Tuesday, November 03, 2015

Today's elections go back to paper instead of voting machines; more on social media downstream responsibility


Today, I voted in a local Arlington VA election, and noticed that the county has gone back to paper ballots (machine-scanned), and away from Windows-based voting machines.

I had covered the controversy over voting machines on an election day posting here in November 2008. I had worked as an election judge three times (from 2005 to 2007) and taken the tech training on supporting the machines.  But in case one of them crashed, all you did was restart it (with a power button) and it usually worked. At the time, the operating system had been Windows XP.

The election judge process today was better in that there was electronic verification of your voting (rather than a manual checkoff on paper).

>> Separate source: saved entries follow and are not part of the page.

Section dominated_extension.
Variables (R : realType) (X : normedModType R).
Implicit Types (G : set (X * R)) (x y z : X).

(* [G] is the graph of a linear functional on a subspace of [X], bounded by the norm *)
Definition dominated_graph G :=
  [/\ G (0, 0),
      (forall x a b, G (x, a) -> G (x, b) -> a = b),
      (forall t x a y b, G (x, a) -> G (y, b) -> G (t *: x + y, t * a + b)) &
      (forall x a, G (x, a) -> a <= `|x|)].

Definition graph_extend G z c : set (X * R) :=
  [set q | exists y b t, G (y, b) /\ q = (y + t *: z, b + t * c)].

Lemma dominated_graphZ {G} t {x a} : dominated_graph G -> G (x, a) -> G (t *: x, t * a).
Proof. by move=> [G0 _ GD _] /(GD t _ _ _ _)/(_ G0); rewrite !addr0. Qed.

Lemma dominated_graphB {G x a y b} : dominated_graph G -> G (x, a) -> G (y, b) ->
  G (x - y, a - b).
Proof.
by move=> [_ _ GD _] Gxa /(GD (-1) _ _ _ _)/(_ Gxa); rewrite scaleN1r mulN1r !(addrC (- _)).
Qed.

Lemma graph_extend_sub G z c : G `<=` graph_extend G z c.
Proof. by move=> [y b] Gyb; exists y, b, 0; rewrite scale0r mul0r !addr0. Qed.

Lemma graph_extend_new {G} z c : dominated_graph G -> graph_extend G z c (z, c).
Proof. by case=> G0 _ _ _; exists 0, 0, 1; rewrite scale1r mul1r !add0r. Qed.

Lemma dominated_extension_bound {G} z : dominated_graph G ->
  exists c, forall y b, G (y, b) -> b - `|y - z| <= c /\ c <= `|y + z| - b.
Proof.
move=> [G0 _ GD Gle]; pose E := [set r | exists y b, G (y, b) /\ r = b - `|y - z|].
have E_ub y b : G (y, b) -> ubound E (`|y + z| - b).
  move=> Gyb _ [y' [b' [Gyb' ->]]]; have := Gle _ _ (GD 1 _ _ _ _ Gyb Gyb').
  rewrite scale1r mul1r; have := ler_normD (y + z) (y' - z).
  by rewrite addrACA subrr addr0; lra.
have E_n0 : E !=set0 by exists (0 - `|0 - z|), 0, 0.
exists (sup E) => y b Gyb; split; last exact: ge_sup E_n0 (E_ub _ _ Gyb).
by apply: ub_le_sup; [exists (`|0 + z| - 0); exact: E_ub G0 | exists y, b].
Qed.

Lemma dominated_graph_extend {G} z c : dominated_graph G -> ~ (exists a, G (z, a)) ->
  (forall y b, G (y, b) -> b - `|y - z| <= c /\ c <= `|y + z| - b) ->
  dominated_graph (graph_extend G z c).
Proof.
move=> domG zNG cb; have [G0 Gfun GD Gle] := domG; split.
- exact: graph_extend_sub.
- move=> _ _ _ [y [b [t [Gyb [-> ->]]]]] [y' [b' [t' [Gyb' [e ->]]]]].
  have tt' : t = t'.
    apply: contrapT => /eqP; rewrite -subr_eq0 => tt'; apply: zNG.
    have zE : (t - t') *: z = y' - y.
      by rewrite scalerBl; apply: (addrI y); rewrite addrA e addrK addrC subrK.
    exists ((t - t')^-1 * (b' - b)).
    rewrite -[z]scale1r -(mulVf tt') -scalerA zE.
    exact: dominated_graphZ _ domG (dominated_graphB domG Gyb' Gyb).
  by move: e; rewrite -tt' => /addIr eyy'; rewrite (Gfun y b b') // eyy'.
- move=> s _ _ _ _ [y [b [t [Gyb [-> ->]]]]] [y' [b' [t' [Gyb' [-> ->]]]]].
  exists (s *: y + y'), (s * b + b'), (s * t + t'); split; first exact: GD.
  by congr pair; [rewrite scalerDr scalerA scalerDl addrACA | ring].
- move=> _ _ [y [b [t [Gyb [-> ->]]]]].
  have [t0|t0|->] := ltgtP t 0; last by rewrite scale0r mul0r !addr0; exact: Gle.
  + have [+ _] := cb _ _ (dominated_graphZ (- t)^-1 domG Gyb).
    have -> : (- t)^-1 *: y - z = (- t)^-1 *: (y + t *: z).
      by rewrite scalerDr scalerA invrN mulNr mulVf ?lt_eqF // scaleN1r.
    rewrite normrZ ger0_norm; last by rewrite invr_ge0 oppr_ge0 ltW.
    rewrite -(ler_pM2l (_ : 0 < - t)) ?oppr_gt0 // mulrBr !mulrA.
    by rewrite mulfV ?oppr_eq0 ?lt_eqF // !mul1r; lra.
  + have [_ +] := cb _ _ (dominated_graphZ t^-1 domG Gyb).
    have -> : t^-1 *: y + z = t^-1 *: (y + t *: z).
      by rewrite scalerDr scalerA mulVf ?gt_eqF // scale1r.
    rewrite normrZ ger0_norm; last by rewrite invr_ge0 ltW.
    rewrite -(ler_pM2l t0) mulrBr !mulrA mulfV ?gt_eqF // !mul1r.
    lra.
Qed.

Working as an election judge offers low-pay and a 17 hour day where you have to be there by 5 AM.
 
On another matter, Micah Lakin Avni has an important op-ed in the New York Times, “The Facebook Intifada”, link here, where the columnist argues that social media companies should be required to make more responsibility for removing hateful or inciting content.  His characterization of the new kind of terrorism (with another supporting sublink) is chilling, “ordinary young men and women inspired by hateful and bloody messages they see online to take matters and blades into their own hands.”  I could relate it to the indignation that comes with inequality (and accompanying insularity), which I have personally witnessed earlier in my own life.